(* In the setting below, $$\sum_{\ell\in P^*}\bigl(|\Psi_+(\ell)|+|\Psi_{k+1}(\ell)|\bigr)=O(mr),$$ where the implied constant depends only on $\rho$, $c$ and $C$.
   Context: Let $P^*$ be a set of $m$ non-vertical lines in the plane, $\rho\ge 2$ and $c,C\ge1$ constants, $1\le r\le m$, and $k$ the integer with $\rho^{k-1}<r\le\rho^k$. Let $\Xi_0,\dots,\Xi_k,\Xi_{k+1}$ be a hierarchy of cuttings: $\Xi_0=\{\mathbb{R}^2\}$; for each $1\le i\le k+1$, $\Xi_i$ is a finite collection of closed triangles (''cells'') with pairwise disjoint interiors covering the plane, each cell of $\Xi_i$ is contained in a unique cell of $\Xi_{i-1}$ (its parent; it is a child of the parent), and every cell of $\Xi_{i-1}$ is the union of its children. A line crosses a cell if it meets its interior. Moreover: for $1\le i\le k$, $|\Xi_i|\le C\rho^{2i}$, each cell of $\Xi_{i-1}$ has at most $c$ children in $\Xi_i$, and each cell of $\Xi_i$ is crossed by at most $m/\rho^i$ lines of $P^*$; and $|\Xi_{k+1}|\le Cr^2$. For $\ell\in P^*$: $\Psi(\ell)$ is the set of cells of $\Xi_0,\dots,\Xi_k$ crossed by $\ell$; $\Psi_{k+1}(\ell)$ is the set of cells of $\Xi_{k+1}$ crossed by $\ell$; $\Psi_+(\ell)$ is the set of cells that are children of some cell of $\Psi(\ell)$ and lie completely above $\ell$ (contained in the closed half-plane above $\ell$ and not crossed by $\ell$). *)

From HB Require Import structures.
From mathcomp Require Import all_boot all_order all_algebra.
From mathcomp Require Import all_classical all_reals all_analysis.
Set Implicit Arguments. Unset Strict Implicit. Unset Printing Implicit Defensive.
Import Order.TTheory GRing.Theory Num.Theory.
Import numFieldNormedType.Exports.
Local Open Scope classical_set_scope.
Local Open Scope ring_scope.

Section Geo.
Variable R : realType.

Local Notation pt := (R * R)%type.

(* a non-vertical line y = a x + b is encoded by the pair (a, b) *)
Definition on_line (l : R * R) (p : pt) : Prop := p.2 = l.1 * p.1 + l.2.

Definition halfplane (a b c : R) : set pt := [set p | a * p.1 + b * p.2 <= c].

(* a (possibly unbounded) closed triangle: intersection of three closed
   half-planes, with nonempty interior *)
Definition is_triangle (S : set pt) : Prop :=
  (exists a1 b1 c1 a2 b2 c2 a3 b3 c3 : R,
     S = halfplane a1 b1 c1 `&` halfplane a2 b2 c2 `&` halfplane a3 b3 c3)
  /\ (interior S !=set0).

Definition crosses (l : R * R) (S : set pt) : Prop :=
  exists p, interior S p /\ on_line l p.

Definition lies_above (l : R * R) (S : set pt) : Prop :=
  S `<=` [set p | l.1 * p.1 + l.2 <= p.2] /\ ~ crosses l S.

Definition is_cutting (X : seq (set pt)) : Prop :=
  [/\ (forall j, (j < size X)%N -> is_triangle (nth set0 X j)),
      (forall j j', (j < size X)%N -> (j' < size X)%N -> j <> j' ->
        interior (nth set0 X j) `&` interior (nth set0 X j') = set0)
    & forall p : pt, exists2 j, (j < size X)%N & nth set0 X j p].

Definition refines (X Y : seq (set pt)) : Prop :=
  (forall j, (j < size X)%N ->
     exists j', [/\ (j' < size Y)%N, nth set0 X j `<=` nth set0 Y j' &
        forall j'', (j'' < size Y)%N -> nth set0 X j `<=` nth set0 Y j'' ->
           j'' = j'])
  /\ (forall j', (j' < size Y)%N ->
        nth set0 Y j' =
        [set p | exists2 j, (j < size X)%N &
                   nth set0 X j `<=` nth set0 Y j' /\ nth set0 X j p]).

Definition nchildren (X : seq (set pt)) (S : set pt) : nat :=
  count (fun T => `[< T `<=` S >]) X.

Definition ncross (P : seq (R * R)) (S : set pt) : nat :=
  count (fun l => `[< crosses l S >]) P.

Definition hierarchy (rho c C r : R) (P : seq (R * R)) (k : nat)
  (Xi : nat -> seq (set pt)) : Prop :=
  [/\ Xi 0%N = [:: setT] /\
      (forall i, (1 <= i <= k.+1)%N -> is_cutting (Xi i) /\ refines (Xi i) (Xi i.-1)),
      (forall i, (1 <= i <= k)%N -> (size (Xi i))%:R <= C * rho ^+ (2 * i)),
      (forall i, (1 <= i <= k)%N -> forall j, (j < size (Xi i.-1))%N ->
         (nchildren (Xi i) (nth set0 (Xi i.-1) j))%:R <= c),
      (forall i, (1 <= i <= k)%N -> forall j, (j < size (Xi i))%N ->
         (ncross P (nth set0 (Xi i) j))%:R <= (size P)%:R / rho ^+ i)
    & (size (Xi k.+1))%:R <= C * r ^+ 2].

(* |Psi_+(l)|: cells of level i+1 (0 <= i <= k) that are children of a cell
   of level i crossed by l and that lie completely above l; counted per level *)
Definition psi_plus (k : nat) (Xi : nat -> seq (set pt)) (l : R * R) : nat :=
  \sum_(i < k.+1)
    count (fun T => `[< (exists2 j, (j < size (Xi i))%N &
                          crosses l (nth set0 (Xi i) j) /\ T `<=` nth set0 (Xi i) j)
                        /\ lies_above l T >]) (Xi i.+1).

Definition psi_last (k : nat) (Xi : nat -> seq (set pt)) (l : R * R) : nat :=
  count (fun T => `[< crosses l T >]) (Xi k.+1).

End Geo.

From mathcomp Require Import all_boot all_order all_algebra.
From mathcomp Require Import all_classical all_reals all_analysis.
From mathcomp Require Import ring lra.
Set Implicit Arguments. Unset Strict Implicit. Unset Printing Implicit Defensive.
Import Order.TTheory GRing.Theory Num.Theory.
Local Open Scope classical_set_scope.
Local Open Scope ring_scope.

(* Double counting: a cell T of level i+1 is charged to a line l only when l
   crosses the unique parent of T, and at most m/rho^i lines do so.  Hence level
   i+1 contributes at most |Xi_{i+1}| m/rho^i <= C rho^2 m rho^i for i < k, a
   geometric sum dominated by C rho^2 m rho^k <= C rho^3 m r, while the last
   level (counted once in Psi_+ and once in Psi_{k+1}) contributes at most
   |Xi_{k+1}| m/rho^k <= C r^2 m/r = C m r each time. *)

Lemma sum_count_exchange (A B : Type) (Q : A -> B -> bool) (P : seq A) (X : seq B) :
  (\sum_(l <- P) count (Q l) X = \sum_(T <- X) count (Q^~ T) P)%N.
Proof.
rewrite (eq_bigr (fun l => \sum_(T <- X) (Q l T : nat))); last first.
  by move=> l _; rewrite -sum1_count [LHS]big_mkcond; apply: eq_bigr => T _; case: ifP.
rewrite exchange_big; apply: eq_bigr => T _.
by rewrite -sum1_count [RHS]big_mkcond; apply: eq_bigr => l _; case: ifP.
Qed.

Lemma sum_count_le (R : numDomainType) (A : Type) (B : eqType)
    (Q : A -> B -> bool) (P : seq A) (X : seq B) (b : R) :
  (forall T, T \in X -> (count (Q^~ T) P)%:R <= b) ->
  (\sum_(l <- P) count (Q l) X)%:R <= (size X)%:R * b.
Proof.
move=> countQ; rewrite sum_count_exchange natr_sum big_seq.
apply: le_trans (ler_sum _ (fun T => countQ T)) _.
rewrite big_const_seq (@eq_in_count _ _ predT) // count_predT iter_addr_0.
by rewrite mulr_natl.
Qed.

Lemma sum_expr_le_expr (R : realDomainType) (rho : R) (k : nat) :
  2 <= rho -> \sum_(i < k) rho ^+ i <= rho ^+ k.
Proof.
move=> rho_ge2; elim: k => [|k IHk]; first by rewrite big_ord0 expr0.
have : 0 <= rho ^+ k by apply: exprn_ge0; lra.
rewrite big_ord_recr /= exprS; nra.
Qed.

Section Cuttings.
Variable R : realType.
Local Notation pt := (R * R)%type.

Definition crosses_parent (Y : seq (set pt)) (l : R * R) (T : set pt) : bool :=
  `[< exists2 j, (j < size Y)%N & crosses l (nth set0 Y j) /\ T `<=` nth set0 Y j >].

Lemma crossesS (l : R * R) (S T : set pt) : S `<=` T -> crosses l S -> crosses l T.
Proof. by move=> ST [p [Sp lp]]; exists p; split=> //; apply: interiorS Sp. Qed.

Lemma refines_parent (X Y : seq (set pt)) (T : set pt) : refines X Y -> T \in X ->
  exists2 j, (j < size Y)%N & [/\ T `<=` nth set0 Y j &
    forall j', (j' < size Y)%N -> T `<=` nth set0 Y j' -> j' = j].
Proof.
move=> [parent _] /(nthP set0) [t tX <-].
by have [j [jY sub uniq_j]] := parent t tX; exists j.
Qed.

Lemma crosses_parent_of_crosses (X Y : seq (set pt)) (l : R * R) (T : set pt) :
  refines X Y -> T \in X -> crosses l T -> crosses_parent Y l T.
Proof.
move=> XY TX lT; have [j jY [sub _]] := refines_parent XY TX.
by apply/asboolP; exists j => //; split=> //; apply: crossesS lT.
Qed.

Lemma count_crosses_parent_le (X Y : seq (set pt)) (P : seq (R * R)) (T : set pt) :
  refines X Y -> T \in X ->
  exists2 j, (j < size Y)%N & (count (crosses_parent Y ^~ T) P <= ncross P (nth set0 Y j))%N.
Proof.
move=> XY TX; have [j jY [_ uniq_j]] := refines_parent XY TX.
exists j => //; apply: sub_count => l /asboolP [j' j'Y [lj' sub]].
by apply/asboolP; rewrite -(uniq_j j' j'Y sub).
Qed.

Lemma sum_count_crosses_parent_le (X Y : seq (set pt)) (P : seq (R * R)) (b : R) :
  refines X Y -> (forall j, (j < size Y)%N -> (ncross P (nth set0 Y j))%:R <= b) ->
  (\sum_(l <- P) count (crosses_parent Y l) X)%:R <= (size X)%:R * b.
Proof.
move=> XY ncrossY; apply: sum_count_le => T TX.
have [j jY countT] := count_crosses_parent_le P XY TX.
by apply: le_trans (ncrossY j jY); rewrite ler_nat.
Qed.

Lemma sum_psi_plus_le (k : nat) (Xi : nat -> seq (set pt)) (P : seq (R * R)) :
  (\sum_(l <- P) psi_plus k Xi l
    <= \sum_(i < k.+1) \sum_(l <- P) count (crosses_parent (Xi i) l) (Xi i.+1))%N.
Proof.
rewrite /psi_plus exchange_big; apply: leq_sum => i _; apply: leq_sum => l _.
by apply: sub_count => T /asboolP [lT _]; apply/asboolP.
Qed.

Lemma psi_last_le (k : nat) (Xi : nat -> seq (set pt)) (l : R * R) :
  refines (Xi k.+1) (Xi k) ->
  (psi_last k Xi l <= count (crosses_parent (Xi k) l) (Xi k.+1))%N.
Proof.
move=> refk; rewrite /psi_last.
rewrite (@eq_in_count _ _ (fun T => `[< crosses l T >] && crosses_parent (Xi k) l T)).
  by apply: sub_count => T /andP[].
move=> T TX /=; case: (boolP `[< crosses l T >]) => //= /asboolP lT.
by rewrite (crosses_parent_of_crosses refk TX lT).
Qed.

Lemma hierarchy_refines (rho c C r : R) (P : seq (R * R)) (k i : nat)
    (Xi : nat -> seq (set pt)) :
  hierarchy rho c C r P k Xi -> (i <= k)%N -> refines (Xi i.+1) (Xi i).
Proof. by move=> [[_ cuts] _ _ _ _] ik; case: (cuts i.+1). Qed.

Lemma hierarchy_ncross_le (rho c C r : R) (P : seq (R * R)) (k i : nat)
    (Xi : nat -> seq (set pt)) :
  hierarchy rho c C r P k Xi -> (i <= k)%N -> forall j, (j < size (Xi i))%N ->
  (ncross P (nth set0 (Xi i) j))%:R <= (size P)%:R / rho ^+ i.
Proof.
move=> [_ _ _ ncrossXi _]; case: i => [_ j _ | i ik]; last by apply: ncrossXi.
by rewrite expr0 divr1 ler_nat count_size.
Qed.

Lemma hierarchy_level_le (rho c C r : R) (P : seq (R * R)) (k i : nat)
    (Xi : nat -> seq (set pt)) :
  hierarchy rho c C r P k Xi -> (i <= k)%N ->
  (\sum_(l <- P) count (crosses_parent (Xi i) l) (Xi i.+1))%:R
    <= (size (Xi i.+1))%:R * ((size P)%:R / rho ^+ i).
Proof.
move=> hier ik; apply: sum_count_crosses_parent_le (hierarchy_refines hier ik) _.
exact: hierarchy_ncross_le hier ik.
Qed.

End Cuttings.

Lemma sum_levels_le (R : realFieldType) (rho C m : R) (s : nat -> R) (k : nat) :
  2 <= rho -> 0 <= C -> 0 <= m ->
  (forall i, (1 <= i <= k)%N -> s i <= C * rho ^+ (2 * i)) ->
  \sum_(i < k) s i.+1 * (m / rho ^+ i) <= C * rho ^+ 2 * m * rho ^+ k.
Proof.
move=> rho_ge2 C_ge0 m_ge0 sizes.
have rho_gt0 : 0 < rho by lra.
have term (i : 'I_k) : s i.+1 * (m / rho ^+ i) <= C * rho ^+ 2 * m * rho ^+ i.
  have m_rho_ge0 : 0 <= m / rho ^+ i by rewrite divr_ge0 // exprn_ge0 // ltW.
  apply: le_trans (ler_wpM2r m_rho_ge0 (sizes i.+1 _)) _; first by rewrite ltn_ord.
  rewrite (_ : C * rho ^+ (2 * i.+1) * (m / rho ^+ i) = C * rho ^+ 2 * m * rho ^+ i) //.
  by rewrite mulnS mul2n -addnn !exprD; field; rewrite expf_neq0 // gt_eqF.
apply: le_trans (ler_sum _ (fun i _ => term i)) _.
rewrite -mulr_sumr ler_wpM2l ?sum_expr_le_expr //.
by rewrite mulr_ge0 // mulr_ge0 // exprn_ge0 // ltW.
Qed.

Lemma last_level_le (R : realFieldType) (rho C m r s : R) (k : nat) :
  0 < r -> r <= rho ^+ k -> 0 <= m -> 0 <= s -> s <= C * r ^+ 2 ->
  s * (m / rho ^+ k) <= C * m * r.
Proof.
move=> r_gt0 r_le m_ge0 s_ge0 s_le.
have rho_gt0 : 0 < rho ^+ k by apply: lt_le_trans r_le.
have m_div : m / rho ^+ k <= m / r by rewrite ler_wpM2l // lef_pV2 ?posrE.
apply: le_trans (ler_pM s_ge0 (divr_ge0 m_ge0 (ltW rho_gt0)) s_le m_div) _.
rewrite (_ : C * r ^+ 2 * (m / r) = C * m * r) //; field; exact: lt0r_neq0.
Qed.

Theorem lemma5 (R : realType) (rho c C : R) :
  2 <= rho -> 1 <= c -> 1 <= C ->
  exists K : R, forall (P : seq (R * R)) (r : R) (k : nat)
    (Xi : nat -> seq (set (R * R))),
    uniq P ->
    1 <= r -> r <= (size P)%:R ->
    rho ^+ k / rho < r -> r <= rho ^+ k ->
    hierarchy rho c C r P k Xi ->
    (\sum_(l <- P) (psi_plus k Xi l + psi_last k Xi l)%N)%:R
      <= K * (size P)%:R * r.
Proof.
move=> rho_ge2 _ C_ge1; exists (C * (rho ^+ 3 + 2)).
move=> P r k Xi _ r_ge1 _ rk_lt rk_le hier.
have [_ sizes _ _ size_last] := hier.
set m : R := (size P)%:R.
have plus : (\sum_(l <- P) psi_plus k Xi l)%:R
    <= \sum_(i < k.+1) (size (Xi i.+1))%:R * (m / rho ^+ i).
  apply: le_trans (_ : _ <= (\sum_(i < k.+1) \sum_(l <- P)
      count (crosses_parent (Xi i) l) (Xi i.+1))%:R) _.
    by rewrite ler_nat sum_psi_plus_le.
  by rewrite natr_sum; apply: ler_sum => i _; apply: hierarchy_level_le hier _; rewrite -ltnS.
have last : (\sum_(l <- P) psi_last k Xi l)%:R <= (size (Xi k.+1))%:R * (m / rho ^+ k).
  apply: le_trans (hierarchy_level_le hier (leqnn k)); rewrite ler_nat.
  by apply: leq_sum => l _; apply: psi_last_le (hierarchy_refines hier (leqnn k)).
have top := @last_level_le _ rho C m r _ k ltac:(lra) rk_le (ler0n _ _) (ler0n _ _) size_last.
have low := @sum_levels_le _ rho C m (fun i => (size (Xi i))%:R) k rho_ge2 ltac:(lra) (ler0n _ _) sizes.
have growth : C * rho ^+ 2 * m * rho ^+ k <= C * rho ^+ 2 * m * (rho * r).
  have rhok : rho ^+ k <= rho * r by rewrite mulrC -ler_pdivrMr ?ltW //; lra.
  by rewrite ler_wpM2l // !mulr_ge0 // ?exprn_ge0; lra.
rewrite big_split natrD; apply: le_trans (lerD plus last) _.
rewrite big_ord_recr /= -addrA.
rewrite (_ : C * (rho ^+ 3 + 2) * m * r = C * rho ^+ 2 * m * (rho * r) + (C * m * r + C * m * r)).
  by apply: lerD; [exact: le_trans low growth | exact: lerD].
by rewrite exprS; ring.
Qed.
###
Your answer should hold every line of the entries that contains the string "ncrossY".

# [Solution to this task]
move=> XY ncrossY; apply: sum_count_le => T TX.
by apply: le_trans (ncrossY j jY); rewrite ler_nat.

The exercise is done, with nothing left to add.